§ **The task**:
Only the lines below between the ones containing "y)). exists O." and "enough (d (vscal", inclusive, are to be reproduced, each exactly as it stands.

** Dataset records follows **

(* Let $G$ be a graph and let $c_1,\ldots,c_m$ be $m$ proper colorings of $G$. Then there is a vertex of $G$ that, for each $i\in[m]$, is adjacent to vertices of at least $\left\lfloor\frac{1}{2m}\operatorname{ind}(\operatorname{Hom}(K_2,G))\right\rfloor+1$ distinct colors in the coloring $c_i$.
   Context: For a graph $G=(V,E)$, $\operatorname{Hom}(K_2,G)$ is the poset whose elements are the pairs $(A,B)$ of non-empty disjoint subsets of $V$ such that every vertex of $A$ is adjacent to every vertex of $B$, ordered by $(A,B)\preceq(A',B')$ iff $A\subseteq A'$ and $B\subseteq B'$; it is identified with its order complex (vertices are the poset elements, simplices are the chains), which carries the free $\mathbb{Z}_2$-action $(A,B)\mapsto(B,A)$. For a free simplicial $\mathbb{Z}_2$-complex $\mathsf{K}$, its $\mathbb{Z}_2$-index $\operatorname{ind}(\mathsf{K})$ is the minimal $d$ such that there is a continuous map from (the geometric realization of) $\mathsf{K}$ to the sphere $\mathcal{S}^d$ commuting with the $\mathbb{Z}_2$-actions (the action on $\mathcal{S}^d$ being the antipodal map). *)

From HB Require Import structures.
From mathcomp Require Import all_boot all_order all_algebra.
From mathcomp Require Import boolp classical_sets reals topology normedtype function_spaces.
Set Implicit Arguments. Unset Strict Implicit. Unset Printing Implicit Defensive.
Import Order.TTheory GRing.Theory Num.Theory.
Import numFieldNormedType.Exports.
Local Open Scope ring_scope.
Local Open Scope classical_set_scope.

Definition simple_graph (T : finType) (e : rel T) :=
  symmetric e /\ irreflexive e.

Definition proper_coloring (T : finType) (e : rel T) (c : T -> nat) :=
  forall u v, e u v -> c u != c v.

Definition nb_neighbor_colors (T : finType) (e : rel T) (c : T -> nat) (v : T) : nat :=
  size (undup [seq c u | u <- enum [pred u | e v u]]).

(** Candidate vertices of Hom(K_2,G): pairs (A,B) of subsets of V. *)
Notation HomK2_cand T := ({set T} * {set T})%type.

Definition is_HomK2 (T : finType) (e : rel T) (p : HomK2_cand T) : bool :=
  [&& p.1 != finset.set0, p.2 != finset.set0, [disjoint p.1 & p.2]
    & [forall a in p.1, forall b in p.2, e a b]].

Definition HomK2_le (T : finType) (p q : HomK2_cand T) : bool :=
  (p.1 \subset q.1) && (p.2 \subset q.2).

Definition HomK2_swap (T : finType) (p : HomK2_cand T) : HomK2_cand T :=
  (p.2, p.1).

(** Geometric realization of the order complex of Hom(K_2,G), embedded in
    R^(HomK2_cand T) with the product (= Euclidean) topology: points are convex combinations (barycentric coordinates)
    of poset elements whose support is a chain. *)
Notation RHomK2 R T := {ptws HomK2_cand T -> R}.

Definition HomK2_realization (R : realType) (T : finType) (e : rel T)
  : set (RHomK2 R T) :=
  [set x | (forall p, 0 <= x p)
         /\ (\sum_(p : HomK2_cand T) x p = 1)
         /\ (forall p, x p != 0 -> is_HomK2 e p)
         /\ (forall p q, x p != 0 -> x q != 0 -> HomK2_le p q || HomK2_le q p)].

Definition HomK2_act (R : realType) (T : finType) (x : RHomK2 R T)
  : RHomK2 R T := fun p => x (HomK2_swap p).

Definition unit_sphere (R : realType) (n : nat) : set 'rV[R]_n :=
  [set y | \sum_(i < n) (y ord0 i) ^+ 2 = 1].

Definition HomK2_Z2map_to (R : realType) (T : finType) (e : rel T) (n : nat) :=
  exists f : RHomK2 R T -> 'rV[R]_n,
    {within @HomK2_realization R T e, continuous f}
    /\ (forall x, @HomK2_realization R T e x -> @unit_sphere R n (f x))
    /\ (forall x, @HomK2_realization R T e x -> f (HomK2_act x) = - f x).

(** Z_2-index of Hom(K_2,G): the minimal d such that there is a Z_2-map to
    S^d; we quantify over n = d+1 (with S^(-1) = the empty sphere of R^0, so
    the empty complex has index -1). Default value 0 in the (impossible)
    case where no such map exists. *)
Definition Z2index_HomK2 (R : realType) (T : finType) (e : rel T) : int :=
  match pselect (exists n, @HomK2_Z2map_to R T e n) with
  | left ex => (ex_minn (P := fun n => `[< @HomK2_Z2map_to R T e n >])
                  (let: ex_intro n h := ex in ex_intro _ n (asboolT h)))%:Z - 1
  | right _ => 0
  end.

From HB Require Import structures.
From mathcomp Require Import all_boot all_order all_algebra.
From mathcomp Require Import boolp classical_sets reals topology normedtype function_spaces.
From mathcomp Require Import realfun zify.
Import Order.TTheory GRing.Theory Num.Theory.
Import numFieldNormedType.Exports.
Set Implicit Arguments. Unset Strict Implicit. Unset Printing Implicit Defensive.

(* Suppose every vertex sees at most d colours in one of the colourings c_i.
   For a vertex set A put w_i(A) = min(#c_i(A), d+1), w(A) = sum_i w_i(A), and
   label A by the tuple recording, for each i with #c_i(A) <= d, the c_i-colour
   class of A.  For (A,B) in Hom(K_2,G) every vertex of B sees all of A, so some
   w_i(A) <= d and likewise for B: the level w(A) + w(B) - 2m lies in [0, 2md).
   Along a chain the level is monotone, and where it is constant both labels are
   constant; the labels of A and B differ since the colourings are proper.
   Sending (A,B) to +-e_level, the sign comparing the two labels, and extending
   linearly gives an odd map into R^(2md).  It does not vanish on the
   realization: the support of a point is a chain, so all its elements of the
   same level contribute with the same sign.  Normalizing gives a Z_2-map to
   S^(2md-1), hence ind < 2md, contradicting d = floor(ind / 2m). *)

Lemma leq_sum_eq (I : finType) (E1 E2 : I -> nat) :
  (forall i, E1 i <= E2 i) -> \sum_i E1 i = \sum_i E2 i -> forall i, E1 i = E2 i.
Proof.
move=> le12 /eqP; rewrite (leqif_sum (fun i _ => leqif_eq (le12 i))).
by move=> /forall_inP eq12 i; apply/eqP/eq12.
Qed.

Section NumberOfColors.
Variables (T : finType) (X : eqType) (f : T -> X).

Definition ncolors (P : {pred T}) : nat := size (undup [seq f u | u <- enum P]).

Lemma ncolors_sub (P Q : {pred T}) : {subset P <= Q} -> ncolors P <= ncolors Q.
Proof.
move=> PQ; apply: uniq_leq_size (undup_uniq _) _ => x.
by rewrite !mem_undup => /mapP [u]; rewrite mem_enum => /PQ Qu ->; rewrite map_f ?mem_enum.
Qed.

Lemma ncolors_gt0 (A : {set T}) : A != finset.set0 -> 0 < ncolors A.
Proof.
case/set0Pn => a Aa; rewrite /ncolors -has_predT; apply/hasP; exists (f a) => //.
by rewrite mem_undup map_f ?mem_enum.
Qed.

Definition color_class (A : {set T}) : {set T} :=
  [set v | f v \in [seq f a | a <- enum A]].
Lemma admissible_neq_bar0 sigma : admissible_type V d D sigma -> sigma <> bar V d D vzero.
Proof.
  intros Hadm ->. apply admissible_origin, gamma_lt_pos in Hadm.
  unfold bar in Hadm. rewrite vscal_0_r, z0_origin, d_diag in Hadm. lra.
Qed.

Section DefiningSequence.
Variable xs : nat -> V.
Variable sigma : Tp V D.
Hypothesis xs_defining : defining_seq V d D xs sigma.

Lemma defining_seq_origin q : Un_cv (fun n => d (vscal (Q2R q) (xs n)) vzero) (sigma q z0).
Proof.
  apply Un_cv_ext with (u := fun n => bar V d D (xs n) q z0); [|apply xs_defining].
  intros n. unfold bar. rewrite z0_origin. reflexivity.
Qed.

Lemma defining_seq_origin1 : Un_cv (fun n => d (xs n) vzero) (sigma 1%Q z0).
Proof.
  apply Un_cv_ext with (u := fun n => d (vscal (Q2R 1) (xs n)) vzero).
  - intros n. rewrite Q2R_one, vscal_1. reflexivity.
  - apply defining_seq_origin.
Qed.

Lemma defining_seq_norm_bounded : exists T, eventually (fun n => vnorm (xs n) <= T).
Proof.
  destruct (proj2 d_coarse (sigma 1%Q z0 + 1)) as [T HT]. exists T.
  destruct (Un_cv_eventually_lt _ _ (sigma 1%Q z0 + 1) defining_seq_origin1 ltac:(lra))
    as [N HN].
  exists N. intros n Hn. rewrite <- (vsub_0_r _ (xs n)). apply HT. left. auto.
Qed.

Lemma defining_seq_norm_away : admissible_type V d D sigma ->
  exists t, 0 < t /\ eventually (fun n => t < vnorm (xs n)).
Proof.
  intros Hadm. destruct (admissible_origin sigma Hadm) as [t [Ht [c [Hc Hw]]]].
  exists t. split; [exact Ht|].
  destruct (Un_cv_eventually_gt _ _ c defining_seq_origin1 Hc) as [N HN].
  exists N. intros n Hn. destruct (Rle_or_lt (vnorm (xs n)) t) as [Hle|]; [exfalso|assumption].
  rewrite <- (vsub_0_r _ (xs n)) in Hle. specialize (Hw _ _ Hle). specialize (HN n Hn). lra.
Qed.

Definition dilate (b : Q) (tau : Tp V D) : Tp V D := fun l y => tau (l * b)%Q y.

Lemma defining_seq_dilate b :
  defining_seq V d D (fun n => vscal (Q2R b) (xs n)) (dilate b sigma).
Proof.
  split.
  - intros n. apply D_good, xs_defining.
  - intros l y. apply Un_cv_ext with (u := fun n => bar V d D (xs n) (l * b)%Q y);
      [|apply xs_defining].
    intros n. unfold bar. rewrite vscal_assoc, Q2R_mult. reflexivity.
Qed.

Lemma is_dilation_dilate b : is_dilation V d D b sigma (dilate b sigma).
Proof. exists xs. split; [exact xs_defining | apply defining_seq_dilate]. Qed.

(* Scan the dilations [j / (N + 1)], [j = 0, 1, ...]: they start at [0], eventually exceed [A],
   and a step changes the value at [z0] by at most [M] once [N + 1] bounds [|x_n|]. *)
Lemma defining_seq_normalize A M : 0 < A ->
  (forall x y : V, vnorm (vsub x y) <= 1 -> d x y <= M) -> admissible_type V d D sigma ->
  exists b, A <= dilate b sigma 1%Q z0 <= A + M.
Proof.
  intros HA HM Hadm.
  destruct defining_seq_norm_bounded as [T HT].
  destruct (defining_seq_norm_away Hadm) as [t [Ht Hlow]].
  destruct (origin_dist_large xs t A Ht Hlow) as [r0 Hr0].
  destruct (nat_gt T) as [N HN].
  assert (HNp : 0 < INR N + 1) by (pose proof (pos_INR N); lra).
  destruct (nat_gt (r0 * (INR N + 1))) as [J HJ].
  set (beta := fun j : nat => Qmake (Z.of_nat j) (Pos.of_succ_nat N)).
  set (s := fun j => dilate (beta j) sigma 1%Q z0).
  assert (Hs : forall j, Un_cv (fun n => d (vscal (INR j / (INR N + 1)) (xs n)) vzero) (s j)).
  { intros j. replace (INR j / (INR N + 1)) with (Q2R (1 * beta j)); [apply defining_seq_origin|].
    unfold beta. rewrite Q2R_mult, Q2R_one, Q2R_succ_denom, <- INR_IZR_INZ. ring. }
  destruct (discrete_intermediate_value s A M J) as [j Hj].
  - replace (s O) with 0; [exact HA|].
    apply (UL_sequence _ _ _ (Un_cv_const 0)). apply Un_cv_ext with (2 := Hs O).
    intros n. simpl. unfold Rdiv. rewrite Rmult_0_l, vscal_0_l, d_diag. reflexivity.
  - refine (Hr0 _ _ _ (Hs J)). apply Rmult_le_reg_r with (INR N + 1); [exact HNp|].
    unfold Rdiv. rewrite Rmult_assoc, Rinv_l by lra. lra.
  - intros j. refine (origin_dist_step xs T M _ _ _ _ HT HM _ (Hs (S j)) (Hs j)).
    replace (INR (S j) / (INR N + 1) - INR j / (INR N + 1)) with (/ (INR N + 1))
      by (rewrite S_INR; field; lra).
    rewrite Rabs_right by (left; apply Rinv_0_lt_compat; exact HNp).
    apply Rmult_le_reg_l with (INR N + 1); [exact HNp|].
    rewrite <- Rmult_assoc, Rinv_r by lra. lra.
  - exists (beta j). exact Hj.
Qed.
End DefiningSequence.

Lemma type_coord_bounded B l y : exists K, forall rho ws,
  defining_seq V d D ws rho -> rho 1%Q z0 <= B -> Rabs (rho l y) <= K.
Proof.
  destruct (proj2 d_coarse (B + 1)) as [TB HTB].
  destruct (proj1 d_coarse (Rabs (Q2R l) * TB)) as [Ml HMl].
  exists (Ml + d vzero (proj1_sig y)). intros rho ws Hws HB.
  destruct (Un_cv_eventually_lt _ _ (B + 1) (defining_seq_origin1 _ _ Hws) ltac:(lra))
    as [N HN].
  assert (Hnonneg : 0 <= rho l y).
  { apply (Un_cv_ge_const _ _ _ (proj2 Hws l y)). exists O. intros. apply d_nonneg. }
  rewrite Rabs_right by lra.
  apply (Un_cv_le_const _ _ _ (proj2 Hws l y)). exists N. intros n Hn. unfold bar.
  pose proof (d_triangle (vscal (Q2R l) (ws n)) vzero (proj1_sig y)).
  enough (d (vscal (Q2R l) (ws n)) vzero <= Ml) by lra.
  apply HMl. rewrite vsub_0_r, vnorm_scal. apply Rmult_le_compat_l; [apply Rabs_pos|].
  rewrite <- (vsub_0_r _ (ws n)). apply HTB. left. apply HN, Hn.
Qed.

Lemma types_cluster B (rf : nat -> Tp V D) :
  (forall k, exists ws, defining_seq V d D ws (rf k)) -> (forall k, rf k 1%Q z0 <= B) ->
  exists (delta : nat -> nat) rho,
    (forall n, (n <= delta n)%nat) /\ conv_pt V D (fun n => rf (delta n)) rho.
Proof.
  intros Hws HB.
  destruct (countable_prod _ _ countable_Q (countable_DeltaT V D D_good)) as [enum Henum].
  destruct (diagonal_extraction _ enum Henum (fun k p => rf k (fst p) (snd p)))
    as [delta [lim [Hdelta Hlim]]].
  - intros [l y]. destruct (type_coord_bounded B l y) as [K HK]. exists K. intros k.
    destruct (Hws k) as [ws Hk]. exact (HK _ ws Hk (HB k)).
  - exists delta, (fun l y => lim (l, y)). split; [exact Hdelta|].
    intros l y. exact (Hlim (l, y)).
Qed.
End Types.

Section ConicClasses.
Variable V : NormedSpace.
Variable d : V -> V -> R.
Variable D : V -> Prop.
Hypothesis d_pseudometric : pseudometric V d.
Hypothesis d_coarse : id_coarse_equivalence V d.
Hypothesis D_good : good_Delta V D.

Notation cac := (closed_admissible_conic V d D).

Lemma decreasing_family_le {X : Type} (Cs : nat -> X -> Prop) :
  (forall k x, Cs (S k) x -> Cs k x) -> forall k m x, (k <= m)%nat -> Cs m x -> Cs k x.
Proof. intros Hdec k m x Hkm. induction Hkm; auto. Qed.

Lemma InT_conv_pt (u : nat -> Tp V D) rho :
  conv_pt V D u rho -> eventually (fun n => InT V d D (u n)) -> InT V d D rho.
Proof. intros Hcv HT. apply in_closure_idem, (conv_pt_in_closure V D _ u rho Hcv HT). Qed.

Lemma InS_defining_seq sigma : InS V d D sigma -> exists xs, defining_seq V d D xs sigma.
Proof. intros [_ [xs [Hxs _]]]. exists xs. exact Hxs. Qed.

Lemma conic_normalized_member C z0 A M : cac C -> proj1_sig z0 = vzero -> 0 < A ->
  (forall x y : V, vnorm (vsub x y) <= 1 -> d x y <= M) ->
  exists rho, C rho /\ (exists ws, defining_seq V d D ws rho) /\ A <= rho 1%Q z0 <= A + M.
Proof.
  intros [[HS [_ [_ [Hdil _]]]] [[sigma [Hsigma Hadm]] _]] Hz0 HA HM.
  destruct (InS_defining_seq sigma (HS sigma Hsigma)) as [xs Hxs].
  destruct (defining_seq_normalize V d D d_pseudometric d_coarse z0 Hz0 xs sigma Hxs
              A M HA HM Hadm) as [b Hb].
  exists (dilate V D b sigma). split; [|split; [|exact Hb]].
  - exact (Hdil sigma b _ Hsigma (is_dilation_dilate V d D D_good xs sigma Hxs b)).
  - eexists. exact (defining_seq_dilate V d D D_good xs sigma Hxs b).
Qed.

Lemma decreasing_chain_admissible (Cs : nat -> Tp V D -> Prop) :
  (forall k, cac (Cs k)) -> (forall k sigma, Cs (S k) sigma -> Cs k sigma) ->
  exists rho, (forall k, Cs k rho) /\ admissible_type V d D rho.
Proof.
  intros Hcac Hdec.
  destruct (Hcac O) as [_ [[sigma0 [_ [z0 [Hz0 Hgamma]]]] _]].
  set (A := sigma0 1%Q z0) in *.
  pose proof (gamma_lt_pos V d d_pseudometric A Hgamma) as HA.
  destruct (proj1 d_coarse 1) as [M HM].
  assert (Hmember : forall k, exists rho, Cs k rho /\ (exists ws, defining_seq V d D ws rho) /\
                                          A <= rho 1%Q z0 <= A + M)
    by (intros k; exact (conic_normalized_member (Cs k) z0 A M (Hcac k) Hz0 HA HM)).
  apply choice in Hmember as [rf Hrf].
  destruct (types_cluster V d D d_pseudometric d_coarse D_good z0 Hz0 (A + M) rf)
    as [delta [rho [Hdelta Hcv]]]; [apply Hrf | apply Hrf |].
  assert (HT : InT V d D rho).
  { apply (InT_conv_pt _ rho Hcv). exists O. intros n _.
    destruct (Hcac (delta n)) as [[HS _] _]. apply HS, Hrf. }
  exists rho. split.
  - intros m. destruct (Hcac m) as [_ [_ Hclosed]]. apply (Hclosed rho HT).
    apply (conv_pt_in_closure V D _ _ rho Hcv). exists m. intros n Hn.
    apply (decreasing_family_le Cs Hdec m (delta n)); [specialize (Hdelta n); lia | apply Hrf].
  - exists z0. split; [exact Hz0|]. apply (gamma_lt_le V d A _ Hgamma).
    apply (Un_cv_ge_const _ _ _ (Hcv 1%Q z0)). exists O. intros n _. apply Hrf.
Qed.

Lemma inter_closed_admissible_conic {I : Type} (i0 : I) (Cs : I -> Tp V D -> Prop) :
  (forall i, cac (Cs i)) -> (exists rho, (forall i, Cs i rho) /\ admissible_type V d D rho) ->
  cac (fun sigma => forall i, Cs i sigma).
Proof.
  intros Hcac [rho [Hrho Hadm]].
  split; [split; [|split; [|split; [|split]]] | split].
  - intros sigma Hsigma. destruct (Hcac i0) as [[HS _] _]. apply HS, Hsigma.
  - exists rho. exact Hrho.
  - intros Hbar0. pose proof Hadm as [z0 [Hz0 _]].
    apply (admissible_neq_bar0 V d D d_pseudometric z0 Hz0 _ Hadm), Hbar0, Hrho.
  - intros sigma l tau Hsigma Hdil i. destruct (Hcac i) as [[_ [_ [_ [HCdil _]]]] _].
    exact (HCdil sigma l tau (Hsigma i) Hdil).
  - intros sigma tau r Hsigma Htau Hconv i. destruct (Hcac i) as [[_ [_ [_ [_ HCconv]]]] _].
    exact (HCconv sigma tau r (Hsigma i) (Htau i) Hconv).
  - exists rho. split; assumption.
  - intros sigma HT Hcl i. destruct (Hcac i) as [_ [_ Hclosed]].
    apply (Hclosed sigma HT), (in_closure_mono V D _ _ sigma (fun tau Htau => Htau i) Hcl).
Qed.
End ConicClasses.

Section MinimalClass.
Variable V : NormedSpace.
Variable d : V -> V -> R.
Variable D : V -> Prop.
Hypothesis d_pseudometric : pseudometric V d.
Hypothesis d_coarse : id_coarse_equivalence V d.
Hypothesis D_good : good_Delta V D.

Notation cac := (closed_admissible_conic V d D).

Definition avoidable (C : Tp V D -> Prop) (c : code V D) : Prop :=
  exists E, cac E /\ subclass V D E C /\ forall tau, E tau -> ~ basic_open V D c tau.

Lemma shrink_ex (C : Tp V D -> Prop) (c : code V D) : exists E : Tp V D -> Prop,
  subclass V D E C /\ (cac C -> cac E) /\
  (avoidable C c -> forall tau, E tau -> ~ basic_open V D c tau).
Proof.
  destruct (classic (avoidable C c)) as [[E [HE [HEC Havoid]]]|Hnot].
  - exists E. auto.
  - exists C. split; [intros tau; auto | tauto].
Qed.

Definition shrink (C : Tp V D -> Prop) (c : code V D) : Tp V D -> Prop :=
  proj1_sig (constructive_indefinite_description _ (shrink_ex C c)).

Lemma shrink_spec C c : subclass V D (shrink C c) C /\ (cac C -> cac (shrink C c)) /\
  (avoidable C c -> forall tau, shrink C c tau -> ~ basic_open V D c tau).
Proof. unfold shrink. destruct (constructive_indefinite_description _ _). assumption. Qed.

Fixpoint shrink_chain (C : Tp V D -> Prop) (enum : nat -> code V D) (k : nat) : Tp V D -> Prop :=
  match k with
  | O => C
  | S k' => shrink (shrink_chain C enum k') (enum k')
  end.

Section Chain.
Variable C : Tp V D -> Prop.
Hypothesis C_cac : cac C.
Variable enum : nat -> code V D.
Hypothesis enum_surj : forall c, exists k, enum k = c.

Definition chain_limit : Tp V D -> Prop := fun sigma => forall k, shrink_chain C enum k sigma.

Lemma shrink_chain_cac k : cac (shrink_chain C enum k).
Proof. induction k as [|k IH]; [exact C_cac | apply (shrink_spec _ _), IH]. Qed.

Lemma shrink_chain_decreasing k sigma :
  shrink_chain C enum (S k) sigma -> shrink_chain C enum k sigma.
Proof. apply shrink_spec. Qed.

Lemma chain_limit_cac : cac chain_limit.
Proof.
  apply (inter_closed_admissible_conic V d D d_pseudometric O); [exact shrink_chain_cac|].
  apply (decreasing_chain_admissible V d D d_pseudometric d_coarse D_good);
    [exact shrink_chain_cac | exact shrink_chain_decreasing].
Qed.

Lemma chain_limit_minimal E : cac E -> subclass V D E chain_limit ->
  forall sigma, chain_limit sigma -> E sigma.
Proof.
  intros HE HEM sigma Hsigma. apply NNPP. intros HnE.
  assert (Hncl : ~ in_closure V D E sigma).
  { intros Hcl. apply HnE. destruct HE as [_ [_ Hclosed]].
    apply (Hclosed sigma); [|exact Hcl].
    destruct C_cac as [[HS _] _]. apply HS, (Hsigma O). }
  destruct (basic_open_separates V D E sigma Hncl) as [c [Hc HEc]].
  destruct (enum_surj c) as [k <-].
  apply (proj2 (proj2 (shrink_spec (shrink_chain C enum k) (enum k)))) with sigma.
  - exists E. split; [exact HE | split; [intros tau Htau; exact (HEM tau Htau k) | exact HEc]].
  - exact (Hsigma (S k)).
  - exact Hc.
Qed.
End Chain.

Lemma minimal_closed_admissible_conic C : cac C ->
  exists M, subclass V D M C /\ cac M /\
    (forall E, cac E -> subclass V D E M -> forall sigma, E sigma <-> M sigma).
Proof.
  intros HC. destruct (countable_code V D D_good) as [enum Henum].
  exists (chain_limit C enum). split; [|split].
  - intros sigma Hsigma. exact (Hsigma O).
  - exact (chain_limit_cac C HC enum).
  - intros E HE HEM sigma. split; [apply HEM | apply (chain_limit_minimal C HC enum Henum E HE HEM)].
Qed.
End MinimalClass.

Theorem proposition5p3 :
  forall (V : NormedSpace) (d : V -> V -> R) (D : V -> Prop),
    separable_inf_dim_Banach V ->
    pseudometric V d ->
    translation_invariant V d ->
    stable V d ->
    id_coarse_equivalence V d ->
    good_Delta V D ->
    forall C : Tp V D -> Prop,
      closed_admissible_conic V d D C ->
      exists M : Tp V D -> Prop,
        subclass V D M C /\
        closed_admissible_conic V d D M /\
        (forall E : Tp V D -> Prop,
            closed_admissible_conic V d D E -> subclass V D E M ->
            forall sigma, E sigma <-> M sigma).
Proof.
  intros V d D _ Hpm _ _ Hce HD.
  exact (minimal_closed_admissible_conic V d D Hpm Hce HD).
Qed.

** End of Dataset records **

§ **Task result**:
  { apply (Un_cv_ge_const _ _ _ (proj2 Hws l y)). exists O. intros. apply d_nonneg. }
  rewrite Rabs_right by lra.
  apply (Un_cv_le_const _ _ _ (proj2 Hws l y)). exists N. intros n Hn. unfold bar.
  pose proof (d_triangle (vscal (Q2R l) (ws n)) vzero (proj1_sig y)).
  enough (d (vscal (Q2R l) (ws n)) vzero <= Ml) by lra.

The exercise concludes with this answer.